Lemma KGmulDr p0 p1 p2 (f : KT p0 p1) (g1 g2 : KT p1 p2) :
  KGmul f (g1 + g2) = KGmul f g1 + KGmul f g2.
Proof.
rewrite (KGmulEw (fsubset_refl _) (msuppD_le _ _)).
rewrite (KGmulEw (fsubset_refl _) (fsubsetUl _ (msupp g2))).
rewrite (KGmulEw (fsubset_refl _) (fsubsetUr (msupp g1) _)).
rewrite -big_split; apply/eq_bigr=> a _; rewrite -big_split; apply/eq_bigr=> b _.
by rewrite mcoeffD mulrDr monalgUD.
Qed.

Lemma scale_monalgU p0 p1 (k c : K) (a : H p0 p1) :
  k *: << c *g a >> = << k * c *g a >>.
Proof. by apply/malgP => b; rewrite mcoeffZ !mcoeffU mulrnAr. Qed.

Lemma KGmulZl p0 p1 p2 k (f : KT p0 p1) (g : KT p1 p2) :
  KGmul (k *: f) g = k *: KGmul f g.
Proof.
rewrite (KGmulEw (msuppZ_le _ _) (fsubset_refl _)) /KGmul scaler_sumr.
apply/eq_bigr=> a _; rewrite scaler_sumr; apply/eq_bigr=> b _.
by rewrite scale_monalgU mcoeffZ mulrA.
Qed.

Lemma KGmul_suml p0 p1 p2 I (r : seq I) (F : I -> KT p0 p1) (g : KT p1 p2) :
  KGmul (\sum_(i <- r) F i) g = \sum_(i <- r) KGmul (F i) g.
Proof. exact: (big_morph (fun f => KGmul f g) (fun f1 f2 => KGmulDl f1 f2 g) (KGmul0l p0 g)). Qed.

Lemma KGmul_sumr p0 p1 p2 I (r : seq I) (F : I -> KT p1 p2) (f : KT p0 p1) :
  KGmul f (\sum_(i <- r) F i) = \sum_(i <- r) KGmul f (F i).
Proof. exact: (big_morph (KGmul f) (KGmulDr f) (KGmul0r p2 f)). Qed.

--

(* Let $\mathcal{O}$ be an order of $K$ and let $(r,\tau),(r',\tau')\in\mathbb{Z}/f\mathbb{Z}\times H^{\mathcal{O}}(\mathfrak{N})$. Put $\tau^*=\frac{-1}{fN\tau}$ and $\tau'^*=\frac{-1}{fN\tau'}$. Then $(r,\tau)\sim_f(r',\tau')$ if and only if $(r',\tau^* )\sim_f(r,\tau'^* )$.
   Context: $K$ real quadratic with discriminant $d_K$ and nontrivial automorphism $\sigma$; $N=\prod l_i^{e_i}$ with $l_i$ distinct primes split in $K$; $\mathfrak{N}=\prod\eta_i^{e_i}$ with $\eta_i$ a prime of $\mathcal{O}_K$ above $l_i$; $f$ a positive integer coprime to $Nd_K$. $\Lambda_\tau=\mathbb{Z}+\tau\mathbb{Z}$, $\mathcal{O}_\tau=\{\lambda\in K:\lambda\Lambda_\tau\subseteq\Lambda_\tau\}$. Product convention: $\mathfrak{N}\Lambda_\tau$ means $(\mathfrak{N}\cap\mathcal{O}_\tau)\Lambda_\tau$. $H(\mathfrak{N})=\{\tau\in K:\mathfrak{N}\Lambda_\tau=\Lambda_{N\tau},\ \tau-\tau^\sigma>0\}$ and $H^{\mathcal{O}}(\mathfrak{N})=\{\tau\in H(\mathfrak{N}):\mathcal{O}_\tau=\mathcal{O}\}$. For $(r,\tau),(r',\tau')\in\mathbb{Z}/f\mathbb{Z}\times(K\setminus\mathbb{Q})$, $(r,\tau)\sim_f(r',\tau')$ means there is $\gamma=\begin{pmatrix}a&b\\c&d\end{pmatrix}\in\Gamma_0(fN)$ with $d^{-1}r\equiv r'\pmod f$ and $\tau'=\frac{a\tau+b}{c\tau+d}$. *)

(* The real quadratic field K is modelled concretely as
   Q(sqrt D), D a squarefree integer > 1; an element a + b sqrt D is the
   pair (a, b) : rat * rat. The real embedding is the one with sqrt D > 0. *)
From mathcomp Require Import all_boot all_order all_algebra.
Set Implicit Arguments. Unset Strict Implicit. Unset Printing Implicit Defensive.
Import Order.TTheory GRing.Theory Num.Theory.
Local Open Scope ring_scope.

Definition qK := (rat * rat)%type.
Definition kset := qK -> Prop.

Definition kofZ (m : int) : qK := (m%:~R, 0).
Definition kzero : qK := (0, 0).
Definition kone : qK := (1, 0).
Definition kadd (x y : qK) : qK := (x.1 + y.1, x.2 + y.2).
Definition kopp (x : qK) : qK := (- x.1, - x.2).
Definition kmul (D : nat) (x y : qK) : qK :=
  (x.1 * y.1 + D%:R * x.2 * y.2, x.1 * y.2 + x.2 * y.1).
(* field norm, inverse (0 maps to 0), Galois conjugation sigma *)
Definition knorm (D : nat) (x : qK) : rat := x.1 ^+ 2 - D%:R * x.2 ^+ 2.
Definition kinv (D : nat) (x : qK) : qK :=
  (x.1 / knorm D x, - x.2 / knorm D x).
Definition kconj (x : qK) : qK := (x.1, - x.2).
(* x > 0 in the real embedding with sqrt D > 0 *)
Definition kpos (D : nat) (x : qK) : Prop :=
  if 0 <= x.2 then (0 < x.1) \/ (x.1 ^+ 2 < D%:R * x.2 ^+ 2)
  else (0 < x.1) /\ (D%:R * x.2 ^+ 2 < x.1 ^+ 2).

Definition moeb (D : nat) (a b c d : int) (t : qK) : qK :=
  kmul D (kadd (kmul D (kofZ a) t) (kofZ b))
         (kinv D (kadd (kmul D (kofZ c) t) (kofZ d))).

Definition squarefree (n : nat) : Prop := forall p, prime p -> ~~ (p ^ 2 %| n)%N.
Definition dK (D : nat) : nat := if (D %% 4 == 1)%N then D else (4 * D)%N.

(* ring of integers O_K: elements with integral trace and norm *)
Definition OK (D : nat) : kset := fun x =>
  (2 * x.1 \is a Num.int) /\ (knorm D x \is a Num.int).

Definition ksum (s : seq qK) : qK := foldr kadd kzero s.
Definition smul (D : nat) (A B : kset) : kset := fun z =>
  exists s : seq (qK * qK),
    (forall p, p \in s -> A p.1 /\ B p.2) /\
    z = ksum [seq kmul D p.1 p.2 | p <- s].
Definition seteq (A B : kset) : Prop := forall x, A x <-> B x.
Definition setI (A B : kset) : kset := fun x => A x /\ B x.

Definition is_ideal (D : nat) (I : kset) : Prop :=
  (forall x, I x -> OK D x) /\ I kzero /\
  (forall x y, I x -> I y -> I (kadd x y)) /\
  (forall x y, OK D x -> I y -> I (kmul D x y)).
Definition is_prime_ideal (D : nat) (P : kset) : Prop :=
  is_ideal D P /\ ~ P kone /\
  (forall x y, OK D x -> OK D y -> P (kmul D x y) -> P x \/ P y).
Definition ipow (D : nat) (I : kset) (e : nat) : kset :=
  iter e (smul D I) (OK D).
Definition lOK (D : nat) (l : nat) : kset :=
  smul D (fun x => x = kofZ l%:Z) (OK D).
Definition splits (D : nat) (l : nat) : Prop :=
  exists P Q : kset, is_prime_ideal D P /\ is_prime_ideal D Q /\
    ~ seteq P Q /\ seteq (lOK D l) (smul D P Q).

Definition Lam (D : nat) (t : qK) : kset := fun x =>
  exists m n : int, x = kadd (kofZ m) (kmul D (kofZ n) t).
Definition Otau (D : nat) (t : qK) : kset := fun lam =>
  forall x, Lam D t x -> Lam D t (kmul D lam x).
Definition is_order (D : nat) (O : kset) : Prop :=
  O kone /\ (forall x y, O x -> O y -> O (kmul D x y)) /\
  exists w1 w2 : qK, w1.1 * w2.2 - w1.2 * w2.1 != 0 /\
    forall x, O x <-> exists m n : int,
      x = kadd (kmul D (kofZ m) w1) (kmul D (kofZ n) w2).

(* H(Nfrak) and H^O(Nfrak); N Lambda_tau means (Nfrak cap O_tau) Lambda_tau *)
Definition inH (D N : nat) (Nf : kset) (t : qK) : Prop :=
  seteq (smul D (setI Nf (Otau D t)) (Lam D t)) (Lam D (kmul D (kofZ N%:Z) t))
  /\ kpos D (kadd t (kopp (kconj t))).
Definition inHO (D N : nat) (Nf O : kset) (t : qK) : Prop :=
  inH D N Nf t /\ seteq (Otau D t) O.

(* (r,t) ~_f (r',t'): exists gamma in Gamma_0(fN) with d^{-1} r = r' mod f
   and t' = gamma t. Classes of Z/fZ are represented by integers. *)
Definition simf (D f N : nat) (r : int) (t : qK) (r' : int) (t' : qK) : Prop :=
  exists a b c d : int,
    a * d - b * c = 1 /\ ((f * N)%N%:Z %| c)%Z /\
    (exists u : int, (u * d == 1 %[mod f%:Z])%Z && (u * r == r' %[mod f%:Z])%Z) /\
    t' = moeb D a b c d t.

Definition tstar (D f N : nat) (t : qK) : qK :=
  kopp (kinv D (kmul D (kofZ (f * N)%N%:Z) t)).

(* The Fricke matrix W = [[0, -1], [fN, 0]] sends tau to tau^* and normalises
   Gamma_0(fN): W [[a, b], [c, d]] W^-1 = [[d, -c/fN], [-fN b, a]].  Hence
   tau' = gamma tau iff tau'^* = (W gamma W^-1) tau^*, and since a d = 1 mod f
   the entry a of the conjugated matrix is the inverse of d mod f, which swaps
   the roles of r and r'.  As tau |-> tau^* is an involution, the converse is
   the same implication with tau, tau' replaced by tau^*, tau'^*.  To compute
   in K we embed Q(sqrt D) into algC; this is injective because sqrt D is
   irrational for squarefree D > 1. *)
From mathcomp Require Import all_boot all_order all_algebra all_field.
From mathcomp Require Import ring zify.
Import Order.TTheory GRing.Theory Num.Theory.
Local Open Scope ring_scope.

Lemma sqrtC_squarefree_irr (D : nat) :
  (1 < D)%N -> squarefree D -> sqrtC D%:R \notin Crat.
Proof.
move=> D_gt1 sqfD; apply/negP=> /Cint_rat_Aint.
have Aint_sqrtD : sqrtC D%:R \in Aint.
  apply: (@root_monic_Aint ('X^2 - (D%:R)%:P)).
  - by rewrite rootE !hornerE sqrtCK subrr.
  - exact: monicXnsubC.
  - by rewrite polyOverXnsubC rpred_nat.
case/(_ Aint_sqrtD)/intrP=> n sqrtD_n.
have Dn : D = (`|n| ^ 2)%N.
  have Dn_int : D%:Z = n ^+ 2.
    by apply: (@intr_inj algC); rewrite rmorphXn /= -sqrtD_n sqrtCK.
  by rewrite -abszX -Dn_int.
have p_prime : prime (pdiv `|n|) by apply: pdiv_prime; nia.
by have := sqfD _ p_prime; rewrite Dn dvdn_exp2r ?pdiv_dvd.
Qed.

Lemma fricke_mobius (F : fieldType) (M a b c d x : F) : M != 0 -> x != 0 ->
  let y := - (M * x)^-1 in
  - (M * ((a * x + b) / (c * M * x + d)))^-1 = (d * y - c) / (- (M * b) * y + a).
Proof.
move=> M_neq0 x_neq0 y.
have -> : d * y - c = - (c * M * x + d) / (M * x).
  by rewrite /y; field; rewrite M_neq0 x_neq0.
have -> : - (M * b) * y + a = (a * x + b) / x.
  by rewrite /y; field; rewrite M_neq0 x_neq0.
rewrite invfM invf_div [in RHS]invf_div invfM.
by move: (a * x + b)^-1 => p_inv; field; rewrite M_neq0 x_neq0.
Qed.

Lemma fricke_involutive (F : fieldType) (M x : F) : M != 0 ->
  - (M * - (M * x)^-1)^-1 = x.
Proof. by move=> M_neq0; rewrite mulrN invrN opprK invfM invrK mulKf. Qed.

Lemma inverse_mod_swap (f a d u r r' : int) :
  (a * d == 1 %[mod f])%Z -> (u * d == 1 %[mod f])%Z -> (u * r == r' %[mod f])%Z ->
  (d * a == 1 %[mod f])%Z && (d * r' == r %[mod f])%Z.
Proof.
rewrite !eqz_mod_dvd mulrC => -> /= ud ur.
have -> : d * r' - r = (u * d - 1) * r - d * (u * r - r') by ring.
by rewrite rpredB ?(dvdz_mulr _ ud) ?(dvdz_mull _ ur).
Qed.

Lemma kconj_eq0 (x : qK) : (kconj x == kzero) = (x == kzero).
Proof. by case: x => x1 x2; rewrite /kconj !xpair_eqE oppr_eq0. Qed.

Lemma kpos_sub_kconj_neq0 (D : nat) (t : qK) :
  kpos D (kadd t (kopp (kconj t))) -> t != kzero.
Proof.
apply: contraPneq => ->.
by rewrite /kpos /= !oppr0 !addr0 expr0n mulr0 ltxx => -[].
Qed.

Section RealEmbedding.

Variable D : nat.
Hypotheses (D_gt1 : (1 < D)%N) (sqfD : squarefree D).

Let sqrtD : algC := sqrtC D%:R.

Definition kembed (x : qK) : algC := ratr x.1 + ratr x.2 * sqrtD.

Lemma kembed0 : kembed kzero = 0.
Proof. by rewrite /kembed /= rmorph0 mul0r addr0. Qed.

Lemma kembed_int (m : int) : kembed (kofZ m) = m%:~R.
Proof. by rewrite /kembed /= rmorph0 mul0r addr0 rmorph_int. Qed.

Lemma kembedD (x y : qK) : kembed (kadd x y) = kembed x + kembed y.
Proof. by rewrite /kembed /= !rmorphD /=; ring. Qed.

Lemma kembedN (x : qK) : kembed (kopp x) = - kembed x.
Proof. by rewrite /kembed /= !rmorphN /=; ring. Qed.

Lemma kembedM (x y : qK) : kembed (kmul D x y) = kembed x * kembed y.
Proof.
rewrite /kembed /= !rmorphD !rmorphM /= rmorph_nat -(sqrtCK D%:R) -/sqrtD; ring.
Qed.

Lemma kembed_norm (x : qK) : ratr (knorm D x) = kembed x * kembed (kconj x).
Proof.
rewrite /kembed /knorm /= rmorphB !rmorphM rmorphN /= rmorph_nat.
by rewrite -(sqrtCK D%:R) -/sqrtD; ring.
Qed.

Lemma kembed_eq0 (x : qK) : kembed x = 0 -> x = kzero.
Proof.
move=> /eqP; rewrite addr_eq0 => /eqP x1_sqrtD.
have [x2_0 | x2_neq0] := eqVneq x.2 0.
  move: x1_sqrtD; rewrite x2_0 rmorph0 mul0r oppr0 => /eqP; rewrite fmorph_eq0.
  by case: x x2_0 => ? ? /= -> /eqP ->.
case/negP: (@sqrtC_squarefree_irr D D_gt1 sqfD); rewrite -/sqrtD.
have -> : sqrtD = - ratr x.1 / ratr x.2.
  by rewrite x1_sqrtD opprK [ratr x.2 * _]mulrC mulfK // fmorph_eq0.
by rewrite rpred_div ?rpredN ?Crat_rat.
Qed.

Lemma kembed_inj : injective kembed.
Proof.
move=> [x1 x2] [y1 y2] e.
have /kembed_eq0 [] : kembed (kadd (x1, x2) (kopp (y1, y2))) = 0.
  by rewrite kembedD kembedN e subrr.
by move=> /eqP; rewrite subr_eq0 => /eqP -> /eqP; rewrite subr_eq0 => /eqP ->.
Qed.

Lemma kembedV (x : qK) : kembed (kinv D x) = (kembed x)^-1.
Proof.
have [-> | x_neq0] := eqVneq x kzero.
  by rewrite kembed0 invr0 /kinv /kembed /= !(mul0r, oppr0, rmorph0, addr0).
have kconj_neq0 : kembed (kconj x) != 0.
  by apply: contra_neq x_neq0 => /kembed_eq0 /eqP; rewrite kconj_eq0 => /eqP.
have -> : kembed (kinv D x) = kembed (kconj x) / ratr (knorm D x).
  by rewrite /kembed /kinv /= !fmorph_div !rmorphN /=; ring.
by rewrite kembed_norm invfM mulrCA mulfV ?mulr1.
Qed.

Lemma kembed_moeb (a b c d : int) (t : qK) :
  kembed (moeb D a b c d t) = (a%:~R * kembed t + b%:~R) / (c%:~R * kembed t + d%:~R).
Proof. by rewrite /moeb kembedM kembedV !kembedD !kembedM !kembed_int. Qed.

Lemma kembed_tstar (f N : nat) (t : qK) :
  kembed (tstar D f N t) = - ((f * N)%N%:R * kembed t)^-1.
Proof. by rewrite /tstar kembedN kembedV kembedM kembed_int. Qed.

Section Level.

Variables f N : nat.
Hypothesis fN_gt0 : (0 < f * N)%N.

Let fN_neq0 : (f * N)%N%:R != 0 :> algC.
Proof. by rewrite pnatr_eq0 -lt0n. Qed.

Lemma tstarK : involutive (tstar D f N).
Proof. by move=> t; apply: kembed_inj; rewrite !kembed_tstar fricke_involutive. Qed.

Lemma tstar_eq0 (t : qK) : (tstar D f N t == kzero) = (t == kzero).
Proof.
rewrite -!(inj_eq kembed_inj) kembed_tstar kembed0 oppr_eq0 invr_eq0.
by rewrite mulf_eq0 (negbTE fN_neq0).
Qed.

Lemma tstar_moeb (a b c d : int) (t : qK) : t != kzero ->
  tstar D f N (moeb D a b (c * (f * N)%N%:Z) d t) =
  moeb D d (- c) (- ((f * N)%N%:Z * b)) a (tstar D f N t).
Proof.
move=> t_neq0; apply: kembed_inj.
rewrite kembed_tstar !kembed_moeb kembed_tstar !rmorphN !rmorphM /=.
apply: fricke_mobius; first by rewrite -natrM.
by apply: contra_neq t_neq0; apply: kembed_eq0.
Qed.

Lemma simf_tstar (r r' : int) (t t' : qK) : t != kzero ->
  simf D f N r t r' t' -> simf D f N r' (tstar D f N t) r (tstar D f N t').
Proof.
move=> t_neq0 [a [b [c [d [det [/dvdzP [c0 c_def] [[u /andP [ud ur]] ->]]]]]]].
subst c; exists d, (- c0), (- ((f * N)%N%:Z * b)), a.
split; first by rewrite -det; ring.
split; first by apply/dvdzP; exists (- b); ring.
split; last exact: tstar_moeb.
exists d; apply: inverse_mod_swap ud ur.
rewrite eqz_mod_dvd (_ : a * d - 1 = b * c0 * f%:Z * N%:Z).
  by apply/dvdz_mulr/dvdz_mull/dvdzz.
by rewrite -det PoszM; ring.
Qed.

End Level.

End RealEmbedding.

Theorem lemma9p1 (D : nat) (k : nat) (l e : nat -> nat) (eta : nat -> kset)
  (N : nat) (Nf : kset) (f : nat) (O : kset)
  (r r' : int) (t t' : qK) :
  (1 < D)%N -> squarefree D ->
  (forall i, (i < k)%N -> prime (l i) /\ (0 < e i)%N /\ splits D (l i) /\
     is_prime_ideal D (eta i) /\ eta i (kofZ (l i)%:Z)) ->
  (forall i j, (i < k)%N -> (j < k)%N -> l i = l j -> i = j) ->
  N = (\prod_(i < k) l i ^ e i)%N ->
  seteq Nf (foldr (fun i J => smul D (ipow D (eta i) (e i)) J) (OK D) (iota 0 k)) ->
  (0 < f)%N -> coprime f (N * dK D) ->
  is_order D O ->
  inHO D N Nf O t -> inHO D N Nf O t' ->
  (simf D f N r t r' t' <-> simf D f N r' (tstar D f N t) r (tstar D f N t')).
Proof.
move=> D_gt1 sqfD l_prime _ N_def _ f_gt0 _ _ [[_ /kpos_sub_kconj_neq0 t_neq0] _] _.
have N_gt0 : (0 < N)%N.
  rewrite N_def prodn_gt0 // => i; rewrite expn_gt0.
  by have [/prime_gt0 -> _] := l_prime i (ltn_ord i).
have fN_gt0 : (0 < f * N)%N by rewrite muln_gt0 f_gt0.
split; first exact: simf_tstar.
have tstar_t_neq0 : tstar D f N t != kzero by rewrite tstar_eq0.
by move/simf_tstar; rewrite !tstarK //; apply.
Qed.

WORK TASK>
Starting at the line that has "Lemma KGmulDr p0" and ending at the line that has "rewrite (KGmulEw (fsubset_refl _) (fsubsetUr", please write out the lines above exactly, leaving out all others.

RESULT FOR THIS TASK>
Lemma KGmulDr p0 p1 p2 (f : KT p0 p1) (g1 g2 : KT p1 p2) :
  KGmul f (g1 + g2) = KGmul f g1 + KGmul f g2.
Proof.
rewrite (KGmulEw (fsubset_refl _) (msuppD_le _ _)).
rewrite (KGmulEw (fsubset_refl _) (fsubsetUl _ (msupp g2))).
rewrite (KGmulEw (fsubset_refl _) (fsubsetUr (msupp g1) _)).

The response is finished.